Definition riccati (Qs : 'M[R]_n) (Rs : 'M[R]_m) (X : 'M[R]_n) : 'M[R]_n :=
  A^T *m X *m A - A^T *m X *m B *m invmx (Rs + B^T *m X *m B) *m B^T *m X *m A + Qs.

Definition lq_gain (Rs : 'M[R]_m) (X : 'M[R]_n) : 'M[R]_(m, n) :=
  - (invmx (Rs + B^T *m X *m B) *m B^T *m X *m A).

Lemma riccati_complete_square Qs Rs X (F : 'M[R]_(m, n)) :
  X^T = X -> Rs^T = Rs -> Rs + B^T *m X *m B \in unitmx ->
  Qs + F^T *m Rs *m F + (A + B *m F)^T *m X *m (A + B *m F)
  = riccati Qs Rs X
    + (F - lq_gain Rs X)^T *m (Rs + B^T *m X *m B) *m (F - lq_gain Rs X).
Proof.
move=> sX sRs; rewrite /riccati /lq_gain.
have [P eP] : {P | Rs + B^T *m X *m B = P} by exists (Rs + B^T *m X *m B).
rewrite eP => uP.
have sP : P^T = P by rewrite -eP linearD /= !trmx_mul trmxK sX sRs mulmxA.
have sPi : (invmx P)^T = invmx P by rewrite trmx_inv sP.
have [H eH] : {H | B^T *m X *m A = H} by exists (B^T *m X *m A).
have HT : H^T = A^T *m X *m B by rewrite -eH !trmx_mul trmxK sX mulmxA.
set T := F^T *m H + H^T *m F + F^T *m (B^T *m X *m B) *m F.
have eK : (F - - (invmx P *m B^T *m X *m A))^T *m P *m (F - - (invmx P *m B^T *m X *m A))
          = F^T *m Rs *m F + T + H^T *m invmx P *m H.
  rewrite opprK -!(mulmxA (invmx P)) eH [(F + _)^T]linearD /= trmx_mul sPi.
  rewrite !mulmxDl !mulmxDr !mulmxA -(mulmxA F^T P (invmx P)) mulmxV // mulmx1.
  rewrite -!(mulmxA H^T (invmx P) P) mulVmx // mulmx1 -eP mulmxDr mulmxDl /T !mulmxA.
  by rewrite !addrA; congr (_ + _); rewrite -!addrA; congr (_ + _); rewrite addrC -addrA.
have eA : (A + B *m F)^T *m X *m (A + B *m F) = A^T *m X *m A + T.
  rewrite [(A + _)^T]linearD /= trmx_mul !mulmxDl !mulmxDr /T HT -eH !mulmxA.
  by rewrite -addrA; congr (_ + _); rewrite addrCA addrA.
rewrite eK eA HT -eH !mulmxA; set g := A^T *m X *m B *m _ *m _ *m _ *m A.
by rewrite [RHS]addrA [RHS]addrAC (addrAC (_ - g)) subrK addrACA (addrC Qs).
Qed.
(* Let $f_1,\dots,f_n\colon\mathbb R\to\mathbb R$ and $\eta\colon\mathbb R\times\mathbb R\to(0,\infty)$ be smooth with $\eta(x,0)=1$, and consider the metric $(\star)$ on $\mathbb R^{n+2}$, whose scalar curvature is $\mathrm{Scal}(x,u)=-2\eta_{uu}(x,u)/\eta(x,u)$. Let $k_\gamma(x)=-\eta_u(x,0)$. If $\mathrm{Scal}<0$ everywhere, $|k_\gamma(x)|\le\sqrt{\tfrac12|\mathrm{Scal}(x,u)|}$ for all $x,u$, and $|k_\gamma(x)|\le\Lambda$ for all $x$ and some constant $\Lambda$, then the metric is complete.
   Context: The metric $(\star)$: on $\mathbb R\times\mathbb R^{n+1}$ with coordinates $(x,u,v_1,\dots,v_n)$, conventions $v_0=u$, $v_{-1}=v_{n+1}=0$, $f_0=f_{n+1}=0$, $g_{\eta,f}=\eta(x,u)^2dx^2+\sum_{j=0}^n\big(dv_j+(v_{j-1}f_j(x)-v_{j+1}f_{j+1}(x))dx\big)^2$. $k_\gamma$ is the geodesic curvature of the curve $\gamma(x)=(x,0,\dots,0)$. *)

From Stdlib Require Import Reals.
From Coquelicot Require Import Coquelicot.
Open Scope R_scope.

Definition smooth1 (g : R -> R) : Prop := forall (k : nat) (x : R), ex_derive_n g k x.

Definition smooth2 (h : R -> R -> R) : Prop :=
  exists D : nat -> nat -> R -> R -> R,
    (forall x u, D 0%nat 0%nat x u = h x u) /\
    (forall i j x u, is_derive (fun y => D i j y u) x (D (S i) j x u)) /\
    (forall i j x u, is_derive (fun w => D i j x w) u (D i (S j) x u)) /\
    (forall i j x u, continuous (fun p : R * R => D i j (fst p) (snd p)) (x, u)).
(* Let $d,m_1,\dots,m_d\in\mathbb N$ and $N=m_1\cdots m_d$. (a) For product weights $\gamma_{\mathfrak u}=\prod_{j\in\mathfrak u}\gamma_j$ (with $\gamma_j\in[0,1]$) and arbitrary real coefficients $\mathcal A(\Gamma_{m_1,\dots,m_d})$, for every $\ell\in[d]$ we have $D^*_{N,\boldsymbol\gamma}(\Gamma_{m_1,\dots,m_d},\mathcal A(\Gamma_{m_1,\dots,m_d}))\ge\frac{\gamma_\ell}{4m_\ell}$. (b) With QMC coefficients, $D^*_N(\Gamma_{m_1,\dots,m_d})=1-\prod_{j=1}^d\left(1-\frac{1}{2m_j}\right)$. (c) With QMC coefficients and arbitrary weights $\gamma_{\mathfrak u}\in[0,1]$ ($\emptyset\ne\mathfrak u\subseteq[d]$), $D^*_{N,\boldsymbol\gamma}(\Gamma_{m_1,\dots,m_d})=\max_{\emptyset\ne\mathfrak u\subseteq[d]}\gamma_{\mathfrak u}\left(1-\prod_{j\in\mathfrak u}\left(1-\frac{1}{2m_j}\right)\right)$ and $D^*_{N,\boldsymbol\gamma}(\Gamma_{m_1,\dots,m_d})\le\max_{\emptyset\ne\mathfrak u\subseteq[d]}\gamma_{\mathfrak u}\sum_{j\in\mathfrak u}\frac{1}{2m_j}$.
   Context: Write $[d]=\{1,\dots,d\}$. The centered regular grid is $\Gamma_{m_1,\dots,m_d}=\{(\frac{2\ell_1+1}{2m_1},\dots,\frac{2\ell_d+1}{2m_d}) : \ell_j\in\{0,\dots,m_j-1\}\}$. For an $N$-point set $\mathcal P_d\subset[0,1)^d$ with real coefficients $\mathcal A(\mathcal P_d)=\{a_{\boldsymbol x}:\boldsymbol x\in\mathcal P_d\}$, the local discrepancy is $\Delta_{\mathcal P_d,\mathcal A(\mathcal P_d)}(\boldsymbol\alpha)=\sum_{\boldsymbol x\in\mathcal P_d}a_{\boldsymbol x}\mathbf 1_{[\boldsymbol 0,\boldsymbol\alpha)}(\boldsymbol x)-\prod_{j=1}^d\alpha_j$ for $\boldsymbol\alpha\in[0,1]^d$, with $[\boldsymbol 0,\boldsymbol\alpha)=[0,\alpha_1)\times\cdots\times[0,\alpha_d)$. The $\boldsymbol\gamma$-weighted star discrepancy is $D^*_{N,\boldsymbol\gamma}(\mathcal P_d,\mathcal A(\mathcal P_d))=\sup_{\boldsymbol\alpha\in[0,1]^d}\max_{\emptyset\ne\mathfrak u\subseteq[d]}\gamma_{\mathfrak u}|\Delta_{\mathcal P_d,\mathcal A(\mathcal P_d)}((\boldsymbol\alpha_{\mathfrak u},\boldsymbol 1))|$, where $(\boldsymbol\alpha_{\mathfrak u},\boldsymbol 1)=(y_1,\dots,y_d)$ with $y_j=\alpha_j$ for $j\in\mathfrak u$ and $y_j=1$ otherwise. QMC coefficients means $a_{\boldsymbol x}=1/N$ for all $\boldsymbol x$; in that case one writes $D^*_{N,\boldsymbol\gamma}(\mathcal P_d)$. The (unweighted) star discrepancy with QMC coefficients is $D^*_N(\mathcal P_d)=\sup_{\boldsymbol\alpha\in[0,1]^d}|\Delta_{\mathcal P_d}(\boldsymbol\alpha)|$ (the case $\gamma_{[d]}=1$, $\gamma_{\mathfrak u}=0$ for $\mathfrak u\subsetneq[d]$). *)

From HB Require Import structures.
From mathcomp Require Import all_boot all_order all_algebra.
From mathcomp Require Import classical_sets reals.
Set Implicit Arguments. Unset Strict Implicit. Unset Printing Implicit Defensive.
Import Order.TTheory GRing.Theory Num.Theory.
Local Open Scope ring_scope.
Local Open Scope classical_set_scope.

Definition grid_idx (d : nat) (m : 'I_d -> nat) : finType :=
  {dffun forall j : 'I_d, 'I_(m j)}.

Definition grid_pt (R : realType) (d : nat) (m : 'I_d -> nat)
  (l : grid_idx m) (j : 'I_d) : R :=
  ((2 * l j + 1)%:R / (2 * m j)%:R).

Definition local_disc (R : realType) (d : nat) (m : 'I_d -> nat)
  (a : grid_idx m -> R) (alpha : 'I_d -> R) : R :=
  \sum_(l : grid_idx m | [forall j, (0 <= grid_pt R l j) && (grid_pt R l j < alpha j)]) a l
  - \prod_(j < d) alpha j.

Definition alpha_u (R : realType) (d : nat) (u : {set 'I_d}) (alpha : 'I_d -> R)
  : 'I_d -> R := fun j => if j \in u then alpha j else 1.

Definition in_unit_cube (R : realType) (d : nat) (alpha : 'I_d -> R) : Prop :=
  forall j, 0 <= alpha j <= 1.

Definition wstar_disc (R : realType) (d : nat) (m : 'I_d -> nat)
  (gamma : {set 'I_d} -> R) (a : grid_idx m -> R) : R :=
  sup [set r : R | exists alpha : 'I_d -> R, in_unit_cube alpha /\
         exists u : {set 'I_d}, u != finset.set0 /\
           r = gamma u * `|local_disc a (alpha_u u alpha)| ].

Definition star_disc (R : realType) (d : nat) (m : 'I_d -> nat)
  (a : grid_idx m -> R) : R :=
  sup [set r : R | exists alpha : 'I_d -> R, in_unit_cube alpha /\
         r = `|local_disc a alpha| ].

Definition qmc (R : realType) (d : nat) (m : 'I_d -> nat) : grid_idx m -> R :=
  fun _ => ((\prod_(j < d) m j)%:R)^-1.

Definition prod_weights (R : realType) (d : nat) (g : 'I_d -> R) : {set 'I_d} -> R :=
  fun u => \prod_(j in u) g j.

PROBLEM DETAILS:
For this task, write out exactly the lines of the entries above, starting at the line with "- \prod_(j < d) alpha j." and ending at the line with "Definition prod_weights (R", both included, and no others.

ANSWER BELOW:
  - \prod_(j < d) alpha j.

Definition alpha_u (R : realType) (d : nat) (u : {set 'I_d}) (alpha : 'I_d -> R)
  : 'I_d -> R := fun j => if j \in u then alpha j else 1.

Definition in_unit_cube (R : realType) (d : nat) (alpha : 'I_d -> R) : Prop :=
  forall j, 0 <= alpha j <= 1.

Definition wstar_disc (R : realType) (d : nat) (m : 'I_d -> nat)
  (gamma : {set 'I_d} -> R) (a : grid_idx m -> R) : R :=
  sup [set r : R | exists alpha : 'I_d -> R, in_unit_cube alpha /\
         exists u : {set 'I_d}, u != finset.set0 /\
           r = gamma u * `|local_disc a (alpha_u u alpha)| ].

Definition star_disc (R : realType) (d : nat) (m : 'I_d -> nat)
  (a : grid_idx m -> R) : R :=
  sup [set r : R | exists alpha : 'I_d -> R, in_unit_cube alpha /\
         r = `|local_disc a alpha| ].

Definition qmc (R : realType) (d : nat) (m : 'I_d -> nat) : grid_idx m -> R :=
  fun _ => ((\prod_(j < d) m j)%:R)^-1.

Definition prod_weights (R : realType) (d : nat) (g : 'I_d -> R) : {set 'I_d} -> R :=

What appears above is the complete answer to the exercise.